In The Language Police: How Pressure Groups Restrict What Students Learn, Diane Ravitch offers a chilling picture of the Newspeak demanded by textbook publishers, test writers, and state and federal bias and sensitivity committees. These eliminate every word, phrase, or idea that challenges their vision of an ideal world, in which girls are unconcerned about their physical appearance, boys are passive and nurturing, and no one celebrates Christmas. Ravitch, a historian of education, served during the first Bush administration as assistant secretary in charge of research in the U.S. Department of Education. She is currently Research Professor of Education at New York University and a nonresident senior fellow at the Brookings Institution in Washington, D.C.
Today's language police--the members of bias and sensitivity committees who serve as censors of educational materials such as textbooks and standardized texts--have their origin in the 1960s.

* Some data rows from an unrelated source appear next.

Lemma span_sub_adjoin A : psubset (span A) (adjoin E A).
Proof.
move=> x Ax; have A_sf : is_subfield (adjoin E A) by apply: adjoin_subfield.
apply: (Ax (adjoin E A)) => [|z Az]; last exact: adjoin_gen.
split=> [|u v Au Av|c v Ec Av]; [exact: subfield0 A_sf | exact (subfieldD A_sf Au Av) |].
have EcA : adjoin E A c by apply: adjoin_base.
exact (subfieldM A_sf EcA Av).
Qed.

Lemma span_steinitz a (G : seq F) : indep span (fun _ => False) a ->
  (forall x, x \in a -> span (fun z => z \in G) x) -> (size a <= size G)%N.
Proof.
move=> Ea aG; apply: (steinitz (P := fun _ => True) span_gen span_sub
  (fun A x y _ => @span_exchange A x y) Ea) => // x /aG.
by apply: span_sub => z Gz; apply: span_gen; right.
Qed.

End Span.

Section FiniteExponent.
Variables (F : fieldType) (p : nat).
Hypothesis p_char : p \in [pchar F].

(* For [i <= j], the powers [1, x^(p^(j-1)), ..., x^(p^(j-i))] are linearly
   independent over [K] when [j] is the exponent of [x] over [K]. *)
Lemma frob_chain_indep (K : F -> Prop) x j : is_subfield K -> K (x ^+ (p ^ j)) ->
  (forall i, (i < j)%N -> ~ K (x ^+ (p ^ i))) ->
  forall i, (i <= j)%N -> exists a, [/\ size a = i.+1, indep (span K) (fun _ => False) a &
    forall z, z \in a -> adjoin K (fun w => w = x ^+ (p ^ (j - i))) z].
Proof.
move=> K_sf Kj notK; elim=> [|i IH] ij.
  exists [:: 1]; split=> //= [|z]; last first.
    by rewrite inE => /eqP->; apply: subfield1 (adjoin_subfield _ _).
  split=> // span1; have : (1 : F) = 0.
    apply: (span1 (fun z => z = 0)) => [|_ []].
    by split=> // [u v -> ->|c v _ ->]; rewrite ?addr0 ?mulr0.
  by move/eqP; rewrite oner_eq0.
have [a [sza Ea aK]] := IH (ltnW ij).
set z := x ^+ (p ^ (j - i.+1)).
have zp : z ^+ p = x ^+ (p ^ (j - i)) by rewrite /z -exprM -expnSr subnSK.
have Nz : ~ adjoin K (fun w => w = z ^+ p) z.
  move=> /(adjoin_frob p_char (m := i)) zK; apply: (notK j.-1); first by rewrite ltn_predL; lia.
  have -> : x ^+ (p ^ j.-1) = z ^+ (p ^ i) by rewrite /z -exprM -expnD; congr (_ ^+ (p ^ _)); lia.
  apply: adjoin_min zK => //; first exact: powimg_sub.
  by move=> _ [_ [-> ->]]; rewrite zp -exprM -expnD subnK // ltnW.
exists (rcons a z); split; first by rewrite size_rcons sza.
  apply/indep_rcons; split => // /span_sub_adjoin zspan; apply: Nz; rewrite zp.
  by move: zspan; apply: adjoin_sub => [w Kw|w [[]|/aK]] //; apply: adjoin_base.
move=> w; rewrite mem_rcons inE => /orP[/eqP->|/aK]; first exact: adjoin_gen.
apply: adjoin_sub => [v Kv|_ ->]; first exact: adjoin_base.
by rewrite -zp; apply: (subfieldX (adjoin_subfield _ _)); apply: adjoin_gen.
Qed.

Lemma span_frob_exponent (K1 K2 : F -> Prop) (b : seq F) :
  is_subfield K1 -> is_subfield K2 -> psubset K1 K2 ->
  (forall x, K2 x -> exists n, K1 (x ^+ (p ^ n))) ->
  (forall x, K2 x -> span K1 (fun z => z \in b) x) ->
  forall x, K2 x -> K1 (x ^+ (p ^ size b)).
Proof.
move=> K1_sf K2_sf K12 K2K1 K2b x K2x.
have exn : exists n, `[< K1 (x ^+ (p ^ n)) >].
  by have [n K1n] := K2K1 x K2x; exists n; apply/asboolP.
case: (ex_minnP exn) => j /asboolP K1j minj.
have notK i : (i < j)%N -> ~ K1 (x ^+ (p ^ i)).
  by move=> ij /asboolP/minj; rewrite leqNgt ij.
have [a [sza Ea aK]] := frob_chain_indep K1_sf K1j notK (leqnn j).
have j_lt : (j < size b)%N.
  rewrite -sza; apply: (span_steinitz K1_sf Ea) => z /aK; rewrite subnn expn0 expr1 => xz.
  by apply: K2b; move: xz; apply: adjoin_min => // _ ->.
by rewrite -(subnKC (ltnW j_lt)) expnD exprM; apply: subfieldX.
Qed.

However, back in those more innocent times, when feminists quaintly burned their bras and scolded any man who dared "condescend" to them by opening a door for them, the then new, politically correct adjustments to our language seemed silly and comical. When a cigar-chomping comic in a plaid suit joked about manhole covers becoming "personhole" covers and history becoming "herstory," most people politely laughed after the punchline-popping rim shot. How absurd the politically correct word games seemed. Surely this fad would fade away, just as bell-bottoms and granny glasses disappeared into thrift shops and attics.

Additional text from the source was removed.